----- LISTED ENTRIES

(* For $n \ge 8$, let $\mu(n)$ be the minimum number of edges of a connected non-prime graph of order $n$. Then $\mu(n) \le n+1$ if $n$ is even, and $\mu(n) \le n+2$ if $n$ is odd.
   Context: Graphs are finite and simple. A prime labeling of a graph $G$ of order $n$ is a bijection $\alpha: V(G) \to \{1,2,\dots,n\}$ such that $\gcd(\alpha(u),\alpha(v)) = 1$ for every edge $uv \in E(G)$. $G$ is prime if it admits a prime labeling, and non-prime otherwise. *)

From mathcomp Require Import all_boot.
Set Implicit Arguments. Unset Strict Implicit. Unset Printing Implicit Defensive.

Definition simple_graph (n : nat) (e : rel 'I_n) : Prop :=
  symmetric e /\ irreflexive e.

Definition connected_graph (n : nat) (e : rel 'I_n) : Prop :=
  forall x y : 'I_n, connect e x y.

(* number of edges: unordered pairs {u,v} (counted once via u < v) with uv an edge *)
Definition num_edges (n : nat) (e : rel 'I_n) : nat :=
  #|[set p : 'I_n * 'I_n | (p.1 < p.2)%N && e p.1 p.2]|.

Definition prime_labeling (n : nat) (e : rel 'I_n) (alpha : 'I_n -> nat) : Prop :=
  injective alpha /\
  (forall v, 1 <= alpha v <= n) /\
  (forall k, 1 <= k <= n -> exists v, alpha v = k) /\
  (forall u v, e u v -> coprime (alpha u) (alpha v)).

Definition prime_graph (n : nat) (e : rel 'I_n) : Prop :=
  exists alpha : 'I_n -> nat, prime_labeling e alpha.

From mathcomp Require Import all_boot zify.

Set Implicit Arguments.
Unset Strict Implicit.
Unset Printing Implicit Defensive.

(* The even labels 2, 4, ..., 2 * floor(n/2) are pairwise non-coprime, so in a
   prime labeling they sit on pairwise non-adjacent vertices; hence a graph whose
   vertices are covered by fewer than floor(n/2) cliques is not prime.  Take the
   path 0 - 1 - ... - (n-1) and turn its first T blocks {3i, 3i+1, 3i+2} into
   triangles (one extra edge each), the remaining vertices being split into
   consecutive pairs, which are already edges of the path.  This connected graph
   has n - 1 + T edges and is covered by T + ceil((n - 3T)/2) cliques, which is
   below floor(n/2) for T = 2 when n is even and for T = 3 when n is odd. *)

Lemma even_not_coprime a b : ~~ odd a -> ~~ odd b -> ~~ coprime a b.
Proof.
rewrite -!dvdn2 => two_a; apply: contraL => /(coprime_dvdl two_a).
by rewrite coprime2n dvdn2 negbK.
Qed.

Section PrimeLabeling.

Variables (n : nat) (e : rel 'I_n) (alpha : 'I_n -> nat).
Hypothesis alpha_prime : prime_labeling e alpha.

Let even_vertices := [set v | ~~ odd (alpha v)].

Lemma prime_labeling_even_card : n./2 <= #|even_vertices|.
Proof.
have [_ [_ [alpha_onto _]]] := alpha_prime.
have <- : size [seq i.*2 | i <- iota 1 n./2] = n./2 by rewrite size_map size_iota.
rewrite cardE -(size_map alpha); apply: uniq_leq_size.
  by rewrite map_inj_uniq ?iota_uniq //; apply: double_inj.
move=> x /mapP[i]; rewrite mem_iota => i_range ->.
have [|v alpha_v] := alpha_onto i.*2; first by have := odd_double_half n; lia.
by rewrite -alpha_v map_f // mem_enum inE alpha_v odd_double.
Qed.

Lemma prime_labeling_even_class_inj (c : 'I_n -> nat) :
    (forall u v, u != v -> c u = c v -> e u v) ->
  {in even_vertices &, injective c}.
Proof.
have [_ [_ [_ alpha_coprime]]] := alpha_prime.
move=> c_clique u v; rewrite !inE => even_u even_v cuv.
apply/eqP/negPn/negP => neq_uv.
by have := even_not_coprime even_u even_v; rewrite alpha_coprime ?c_clique.
Qed.

End PrimeLabeling.

Lemma clique_cover_not_prime n k (e : rel 'I_n) (c : 'I_n -> nat) :
    k < n./2 -> (forall v, c v < k) ->
    (forall u v, u != v -> c u = c v -> e u v) ->
  ~ prime_graph e.
Proof.
move=> lt_k_half c_lt_k c_clique [alpha alpha_prime].
have := prime_labeling_even_card alpha_prime.
set E := [set v | _].
have c_inj := prime_labeling_even_class_inj alpha_prime c_clique.
have uniq_classes : uniq (map c (enum E)).
  by rewrite map_inj_in_uniq ?enum_uniq // => u v; rewrite !mem_enum; apply: c_inj.
have classes_lt_k : {subset map c (enum E) <= iota 0 k}.
  by move=> x /mapP[v _ ->]; rewrite mem_iota /= add0n.
have := uniq_leq_size uniq_classes classes_lt_k.
rewrite size_map size_iota -cardE; lia.
Qed.

Lemma path_connected n (e : rel 'I_n) :
  symmetric e -> (forall u v : 'I_n, u.+1 = v :> nat -> e u v) ->
  connected_graph e.
Proof.
move=> e_sym e_path x y.
have lt0n : 0 < n by case: x => [x]; lia.
pose z0 := Ordinal lt0n.
have from_z0 (z : 'I_n) : connect e z0 z.
  case: z => z; elim: z => [|z IHz] lt_zn.
    by rewrite (_ : Ordinal lt_zn = z0) ?connect0 //; apply: val_inj.
  by apply: connect_trans (IHz (ltnW lt_zn)) (connect1 (e_path _ _ _)).
by apply: connect_trans (from_z0 y); rewrite (sym_connect_sym e_sym).
Qed.

Definition path_cliques n (c : nat -> nat) : rel 'I_n :=
  fun u v => (u != v) && [|| c u == c v, u.+1 == v | v.+1 == u].

Lemma path_cliques_simple n c : simple_graph (@path_cliques n c).
Proof.
split=> [u v|u]; last by rewrite /path_cliques eqxx.
rewrite /path_cliques eq_sym (eq_sym (c u)).
by congr andb; case: (c v == c u) => //=; rewrite orbC.
Qed.

Lemma path_cliques_connected n c : connected_graph (@path_cliques n c).
Proof.
apply: path_connected => [|u v uv]; first by case: (path_cliques_simple n c).
rewrite /path_cliques uv eqxx orbT andbT.
by apply/eqP => eq_uv; move: uv; rewrite eq_uv; lia.
Qed.

Definition triangle_pair_class (T v : nat) :=
  if v < 3 * T then v %/ 3 else T + (v - 3 * T) %/ 2.

Lemma triangle_pair_class_eq T u v :
  u < v -> triangle_pair_class T u = triangle_pair_class T v ->
  v = u.+1 \/ (v = u.+2 /\ u %% 3 = 0 /\ u < 3 * T).
Proof. by rewrite /triangle_pair_class; case: ifP; case: ifP; lia. Qed.

Lemma triangle_pair_class_lt n v :
  8 <= n -> v < n -> triangle_pair_class (odd n).+2 v < n./2 - 1.
Proof.
rewrite /triangle_pair_class; have := odd_double_half n.
by case: ifP; case: odd; lia.
Qed.

(* Each edge [u < v] is charged to [u] if [v = u + 1], and to [n - 1 + u / 3]
   if it is the chord [(u, u + 2)] of the triangle number [u / 3 < T]. *)
Lemma num_edges_triangle_pair n T :
  num_edges (@path_cliques n (triangle_pair_class T)) <= n - 1 + T.
Proof.
rewrite /num_edges cardE; set A := enum _.
pose charge (p : 'I_n * 'I_n) :=
  if p.2 == p.1.+1 :> nat then nat_of_ord p.1 else n - 1 + p.1 %/ 3.
have edge_shape (p : 'I_n * 'I_n) : p \in A ->
    p.1 < p.2 /\
    (p.2 = p.1.+1 :> nat \/ (p.2 = p.1.+2 :> nat /\ p.1 %% 3 = 0 /\ p.1 < 3 * T)).
  case: p => u v; rewrite mem_enum inE /= /path_cliques.
  case/andP=> lt_uv /andP[_ /or3P[/eqP|/eqP|/eqP]]; try lia.
  by split=> //; apply: triangle_pair_class_eq.
have uniq_charges : uniq (map charge A).
  rewrite map_inj_in_uniq ?enum_uniq // => -[u v] [u' v'].
  move=> /edge_shape /= shape_uv /edge_shape /= shape_uv'.
  move: (ltn_ord v) (ltn_ord v'); rewrite /charge /=.
  by case: eqP; case: eqP => /= *; congr pair; apply: ord_inj; lia.
have charges_small : {subset map charge A <= iota 0 (n - 1 + T)}.
  move=> x /mapP[[u v] /edge_shape /= shape_uv ->]; rewrite mem_iota /charge /=.
  by move: (ltn_ord v); case: eqP; lia.
by have := uniq_leq_size uniq_charges charges_small; rewrite size_map size_iota.
Qed.

Theorem theorem10p3 (n : nat) : 8 <= n ->
  exists e : rel 'I_n,
    simple_graph e /\ connected_graph e /\ ~ prime_graph e /\
    num_edges e <= (if odd n then n + 2 else n + 1).
Proof.
move=> n_ge8; exists (@path_cliques n (triangle_pair_class (odd n).+2)).
split; first exact: path_cliques_simple.
split; first exact: path_cliques_connected.
split; last by have := num_edges_triangle_pair n (odd n).+2; case: odd; lia.
apply: (@clique_cover_not_prime _ (n./2 - 1) _
         (fun v => triangle_pair_class (odd n).+2 v)).
- by have := odd_double_half n; lia.
- by move=> v; apply: triangle_pair_class_lt.
- by move=> u v neq_uv cuv; rewrite /path_cliques neq_uv cuv eqxx.
Qed.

----------

Check each line of the material for "split". Copy the ones that have it.

   triangles (one extra edge each), the remaining vertices being split into
split=> [u v|u]; last by rewrite /path_cliques eqxx.
  by split=> //; apply: triangle_pair_class_eq.
split; first exact: path_cliques_simple.
split; first exact: path_cliques_connected.
split; last by have := num_edges_triangle_pair n (odd n).+2; case: odd; lia.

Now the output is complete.